The vernal pools host western toads, chorus frogs, and other amphibians, while federally protected species on the property include the California red-legged frog and California tiger salamander. Birdlife includes golden eagles and Swainson’s hawks. Other mammals documented include black bears (Ursus americanus) and puma (Puma concolor).

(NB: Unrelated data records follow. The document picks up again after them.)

(* For all $\varepsilon'>0$ and $\delta>0$ there exists $\varepsilon=\varepsilon(\varepsilon',\delta)>0$ such that the following holds. Let $(V_1,V_2,V_3)$ be an $\varepsilon$-typical $(\varepsilon,p)$-regular triple in a graph in which every pair $(V_i,V_j)$ has density at least $\delta p$. Assume moreover that the endpoints of no edge between $V_2$ and $V_3$ have more than $4p^2|V_1|$ common neighbours in $V_1$. Then $V_1$ contains at most $\varepsilon'|V_1|$ vertices that are not $\varepsilon'$-good.
   Context: For disjoint $X,Y$, $d(X,Y)=e(X,Y)/(|X||Y|)$; $x=(1\pm a)y$ means $x\in[(1-a)y,(1+a)y]$. A pair $(X,Y)$ is $(\varepsilon,p)$-regular if $|d(X,Y)-d(X',Y')|\le\varepsilon p$ for all $X'\subset X,Y'\subset Y$ with $|X'|\ge\varepsilon|X|,|Y'|\ge\varepsilon|Y|$; a triple is $(\varepsilon,p)$-regular if all three pairs are. Write $d(V_i,V_j)=d_{ij}p$. For $\{i,j,k\}=\{1,2,3\}$, $v\in V_i$ is $\varepsilon$-typical if with $N_j=N(v)\cap V_j$, $N_k=N(v)\cap V_k$: $|N_j|=(1\pm\varepsilon)d_{ij}p|V_j|$, $|N_k|=(1\pm\varepsilon)d_{ik}p|V_k|$, and there exist $N_j'\subset N_j,N_k'\subset N_k$ with $|N_j'|\ge(1-\varepsilon)|N_j|,|N_k'|\ge(1-\varepsilon)|N_k|$ such that $(N_j',N_k')$ is $(\varepsilon,p)$-regular of density $(1\pm\varepsilon)d_{jk}p$. The triple is $\varepsilon$-typical if it is $(\varepsilon,p)$-regular and for each $i$ all but at most $\varepsilon|V_i|$ vertices of $V_i$ are $\varepsilon$-typical. An edge $uw$, $u\in V_j$, $w\in V_k$, is $\varepsilon'$-good if $u,w$ have at least $(1-\varepsilon')d_{ij}d_{ik}p^2|V_i|$ common neighbours in $V_i$. A vertex $v\in V_i$ is $\varepsilon'$-good if it is $\varepsilon'$-typical and at most $\varepsilon' d_{12}d_{13}d_{23}p^3|V_j||V_k|$ edges between $N(v)\cap V_j$ and $N(v)\cap V_k$ are not $\varepsilon'$-good. *)

From HB Require Import structures.
From mathcomp Require Import all_boot all_order all_algebra.
From mathcomp Require Import reals.
Set Implicit Arguments. Unset Strict Implicit. Unset Printing Implicit Defensive.
Import Order.TTheory GRing.Theory Num.Theory.
Local Open Scope ring_scope.

Section Defs.
Variable R : realType.
Variable T : finType.
Variable e : rel T.

Definition e_between (X Y : {set T}) : nat :=
  #|[set xy : T * T | [&& xy.1 \in X, xy.2 \in Y & e xy.1 xy.2]]|.

Definition dens (X Y : {set T}) : R :=
  (e_between X Y)%:R / (#|X| * #|Y|)%:R.

Definition approx (a x y : R) : bool := ((1 - a) * y <= x) && (x <= (1 + a) * y).

Definition regular_pair (eps p : R) (X Y : {set T}) : bool :=
  [forall X' : {set T}, forall Y' : {set T},
    [&& X' \subset X, Y' \subset Y, eps * #|X|%:R <= #|X'|%:R
      & eps * #|Y|%:R <= #|Y'|%:R] ==>
    (`|dens X Y - dens X' Y'| <= eps * p)].

Definition regular_triple (eps p : R) (V1 V2 V3 : {set T}) : bool :=
  [&& regular_pair eps p V1 V2, regular_pair eps p V1 V3 & regular_pair eps p V2 V3].

Definition nbhd (v : T) (X : {set T}) : {set T} := [set u in X | e v u].

(* v in Vi is eps-typical w.r.t. the other two classes Vj, Vk.
   Note d_ij p = dens Vi Vj, etc. *)
Definition typical_vertex (eps p : R) (Vi Vj Vk : {set T}) (v : T) : bool :=
  [&& v \in Vi,
      approx eps #|nbhd v Vj|%:R (dens Vi Vj * #|Vj|%:R),
      approx eps #|nbhd v Vk|%:R (dens Vi Vk * #|Vk|%:R) &
      [exists Nj' : {set T}, exists Nk' : {set T},
        [&& Nj' \subset nbhd v Vj, Nk' \subset nbhd v Vk,
            (1 - eps) * #|nbhd v Vj|%:R <= #|Nj'|%:R,
            (1 - eps) * #|nbhd v Vk|%:R <= #|Nk'|%:R,
            regular_pair eps p Nj' Nk' &
            approx eps (dens Nj' Nk') (dens Vj Vk)]]].

Definition atypical_set (eps p : R) (Vi Vj Vk : {set T}) : {set T} :=
  [set v in Vi | ~~ typical_vertex eps p Vi Vj Vk v].

Definition typical_triple (eps p : R) (V1 V2 V3 : {set T}) : bool :=
  [&& regular_triple eps p V1 V2 V3,
      #|atypical_set eps p V1 V2 V3|%:R <= eps * #|V1|%:R,
      #|atypical_set eps p V2 V1 V3|%:R <= eps * #|V2|%:R &
      #|atypical_set eps p V3 V1 V2|%:R <= eps * #|V3|%:R].

Definition common_nbhd (u w : T) (X : {set T}) : {set T} :=
  [set x in X | e u x && e w x].

Definition good_edge (eps' : R) (Vi Vj Vk : {set T}) (u w : T) : bool :=
  (1 - eps') * dens Vi Vj * dens Vi Vk * #|Vi|%:R <= #|common_nbhd u w Vi|%:R.

Definition good_vertex (eps' p : R) (Vi Vj Vk : {set T}) (v : T) : bool :=
  typical_vertex eps' p Vi Vj Vk v &&
  (#|[set uw : T * T | [&& uw.1 \in nbhd v Vj, uw.2 \in nbhd v Vk,
                           e uw.1 uw.2 & ~~ good_edge eps' Vi Vj Vk uw.1 uw.2]]|%:R
     <= eps' * (dens Vi Vj * dens Vi Vk * dens Vj Vk) * (#|Vj| * #|Vk|)%:R).

End Defs.

Arguments dens {R T} e X Y.
Arguments regular_pair {R T} e eps p X Y.
Arguments regular_triple {R T} e eps p V1 V2 V3.
Arguments typical_vertex {R T} e eps p Vi Vj Vk v.
Arguments atypical_set {R T} e eps p Vi Vj Vk.
Arguments typical_triple {R T} e eps p V1 V2 V3.
Arguments good_edge {R T} e eps' Vi Vj Vk u w.
Arguments good_vertex {R T} e eps' p Vi Vj Vk v.
Arguments approx {R} a x y.

From HB Require Import structures.
From mathcomp Require Import all_boot all_order all_algebra.
From mathcomp Require Import reals.
From mathcomp Require Import ring lra.
Import Order.TTheory GRing.Theory Num.Theory.
Local Open Scope ring_scope.
Set Implicit Arguments. Unset Strict Implicit. Unset Printing Implicit Defensive.

(* Call an edge [u w] between [V2] and [V3] bad if [u] and [w] have too few
   common neighbours in [V1].  If [u] is typical, its neighbourhoods in [V1] and
   [V3] contain large sets [N1], [N3] forming a regular pair of the expected
   density, so all but an [eps]-fraction of the [w] in [N3] have many neighbours
   in [N1], hence in common with [u]: [u] lies on few bad edges.  The atypical
   vertices of [V2] are few, so by regularity of [(V2, V3)] they carry few edges.
   Altogether there are [O(eps) d23 |V2| |V3|] bad edges.  A vertex [v] of [V1] is
   not good only if it is atypical or its link contains many bad edges; by the
   codegree bound every bad edge lies in at most [4 p^2 |V1|] links, so double
   counting leaves few vertices of the second kind. *)

Section Counting.
Variable R : numDomainType.

Lemma natr_card_sum (T : finType) (A : {set T}) : (#|A|%:R : R) = \sum_x (x \in A)%:R.
Proof.
by rewrite -sum1_card natr_sum big_mkcond; apply: eq_bigr => x _; case: (x \in A).
Qed.

Lemma card_set_sum (T : finType) (P : pred T) : (#|[set x | P x]|%:R : R) = \sum_x (P x)%:R.
Proof. by rewrite natr_card_sum; apply: eq_bigr => x _; rewrite inE. Qed.

Lemma card_pair_sum (T : finType) (P : T -> T -> bool) :
  (#|[set uw : T * T | P uw.1 uw.2]|%:R : R) = \sum_u \sum_w (P u w)%:R.
Proof. by rewrite (card_set_sum (fun uw : T * T => P uw.1 uw.2)) pair_big. Qed.

Lemma card_gt_le_sum (T : finType) (A : {set T}) (f : T -> R) (t : R) :
  (forall x, x \in A -> 0 <= f x) ->
  #|[set x in A | t < f x]|%:R * t <= \sum_(x in A) f x.
Proof.
move=> f_ge0; rewrite card_set_sum mulr_suml [X in _ <= X]big_mkcond /=.
apply: ler_sum => x _; case: (boolP (x \in A)) => /= xA; last by rewrite mul0r.
by case: (boolP (t < f x)) => [/ltW|_]; rewrite ?mul1r ?mul0r ?f_ge0.
Qed.

Lemma exists_set_between_card (T : finType) (A V : {set T}) k :
  A \subset V -> (#|A| <= k <= #|V|)%N -> exists B : {set T}, [/\ A \subset B, B \subset V & #|B| = k].
Proof.
move=> AV /andP[Ak kV].
have : (k - #|A| <= #|V :\: A|)%N by rewrite cardsD (setIidPr AV) leq_sub2r.
case/card_geqP=> s [s_uniq s_size sVA].
have sV x : x \in [set y in s] -> x \in V :\: A by rewrite inE => /sVA.
exists (A :|: [set y in s]); split.
- exact: subsetUl.
- by rewrite subUset AV /=; apply/subsetP => x /sV; rewrite inE => /andP[].
rewrite cardsU cardsE (card_uniqP s_uniq) s_size.
suff -> : A :&: [set y in s] = set0 by rewrite cards0 subn0 subnKC.
apply/setP => x; rewrite !inE; case: (boolP (x \in s)) => [/sVA|]; last by rewrite andbF.
by rewrite !inE => /andP[/negbTE ->].
Qed.

End Counting.

Lemma exists_set_between_scaled_card (R : realFieldType) (T : finType) (a : R) (A V : {set T}) :
  a <= 1 -> 1 <= a * #|V|%:R -> A \subset V -> #|A|%:R <= a * #|V|%:R ->
  exists B : {set T}, [/\ A \subset B, B \subset V, a * #|V|%:R <= #|B|%:R
                        & #|B|%:R <= 2 * a * #|V|%:R].
Proof.
move=> a_le1 aV_ge1 AV A_le.
have V_ge0 : 0 <= #|V|%:R :> R by [].
(* [k] is the least integer above [a |V|], so [k < a |V| + 1 <= 2 a |V|]. *)
have exk : exists k, a * #|V|%:R <= k%:R by exists #|V|; nra.
pose k := ex_minn exk.
have [k_ge k_min] : a * #|V|%:R <= k%:R /\ forall j, a * #|V|%:R <= j%:R -> (k <= j)%N.
  by rewrite /k; case: ex_minnP.
have k_gt0 : (0 < k)%N by rewrite lt0n -(eqr_nat R); apply/eqP => k0; move: k_ge; rewrite k0; lra.
have k_lt : k.-1%:R < a * #|V|%:R.
  by rewrite ltNge; apply/negP => /k_min; rewrite -ltnS prednK // ltnn.
have [B [AB BV cardB]] : exists B : {set T}, [/\ A \subset B, B \subset V & #|B| = k].
  apply: exists_set_between_card => //; apply/andP; split.
    by rewrite -(ler_nat R); apply: le_trans A_le k_ge.
  by apply: k_min; nra.
exists B; split; rewrite // cardB //.
have : k%:R = k.-1%:R + 1 :> R by rewrite natr1 prednK.
lra.
Qed.

Section Graph.
Variables (R : realType) (T : finType) (e : rel T).

Lemma e_between_sum (X Y : {set T}) :
  ((e_between e X Y)%:R : R) = \sum_(x in X) #|nbhd e x Y|%:R.
Proof.
rewrite /e_between (card_pair_sum R (fun x y => [&& x \in X, y \in Y & e x y])).
rewrite [RHS]big_mkcond; apply: eq_bigr => x _ /=.
case: (boolP (x \in X)) => xX /=; last by rewrite big1.
by rewrite card_set_sum.
Qed.

Lemma e_between_le (X Y : {set T}) : (e_between e X Y <= #|X| * #|Y|)%N.
Proof.
rewrite -cardsX /e_between; apply: subset_leq_card; apply/subsetP => -[x y].
by rewrite !inE /= => /and3P[-> ->].
Qed.

Lemma e_betweenS (X X' Y Y' : {set T}) :
  X \subset X' -> Y \subset Y' -> (e_between e X Y <= e_between e X' Y')%N.
Proof.
move=> /subsetP sX /subsetP sY; apply: subset_leq_card; apply/subsetP => -[x y].
by rewrite !inE /= => /and3P[/sX -> /sY -> ->].
Qed.

Lemma e_between_dens (X Y : {set T}) :
  ((e_between e X Y)%:R : R) = dens e X Y * (#|X| * #|Y|)%:R.
Proof.
rewrite /dens; have [XY0|XY_neq0] := eqVneq (#|X| * #|Y|)%N 0%N.
  by have := e_between_le X Y; rewrite XY0 leqn0 => /eqP ->; rewrite mulr0.
by rewrite divfK // pnatr_eq0.
Qed.

Lemma dens_ge0 (X Y : {set T}) : 0 <= dens e X Y :> R.
Proof. by rewrite /dens divr_ge0. Qed.

Lemma dens_gt0_card (X Y : {set T}) : 0 < dens e X Y :> R -> (0 < #|X| * #|Y|)%N.
Proof. by rewrite lt0n /dens; apply: contraTneq => ->; rewrite invr0 mulr0 ltxx. Qed.

Lemma dens_le_of_nbhd (X Y : {set T}) (t : R) : 0 <= t ->
  (forall x, x \in X -> #|nbhd e x Y|%:R <= t * #|Y|%:R) -> dens e X Y <= t.
Proof.
move=> t_ge0 nbhd_le; rewrite /dens.
have [XY0|XY_neq0] := eqVneq (#|X| * #|Y|)%N 0%N; first by rewrite XY0 invr0 mulr0.
rewrite ler_pdivrMr ?ltr0n ?lt0n // e_between_sum.
apply: le_trans (ler_sum _ nbhd_le) _.
by rewrite sumr_const -[_ *+ #|X|]mulr_natl natrM mulrCA.
Qed.

Hypothesis e_sym : symmetric e.

Lemma e_between_sym (X Y : {set T}) : e_between e X Y = e_between e Y X.
Proof.
apply/eqP; rewrite -(eqr_nat R) /e_between.
rewrite !(card_pair_sum R (fun x y => [&& x \in _, y \in _ & e x y])) exchange_big /=.
by apply/eqP; apply: eq_bigr => x _; apply: eq_bigr => y _; rewrite e_sym andbCA.
Qed.

Lemma dens_sym (X Y : {set T}) : dens e X Y = dens e Y X :> R.
Proof. by rewrite /dens e_between_sym mulnC. Qed.

End Graph.

Arguments e_between_sum {R T} e X Y.
Arguments e_between_dens {R T} e X Y.
Arguments dens_ge0 {R T} e X Y.
Arguments dens_sym {R T e} e_sym X Y.

Section Regularity.
Variables (R : realType) (T : finType) (e : rel T).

Valley oaks and native grasslands are prominent, though historic grazing has suppressed oak regeneration in some areas.

==History==
The lands of Rana Creek were originally inhabited by the Esselen people and later became part of the Mexican-era Rancho Tularcitos land grant. The property remained a working cattle ranch into the 21st century and was subdivided into parcels under the Williamson Act.

In 1982, Apple co-founder Mike Markkula and his wife Linda purchased 9,000 acres of the ranch for $8 million, later adding surrounding parcels and building a conference center and airstrip. Markkula listed the property for sale multiple times from 2013 onward, with asking prices up to $60 million.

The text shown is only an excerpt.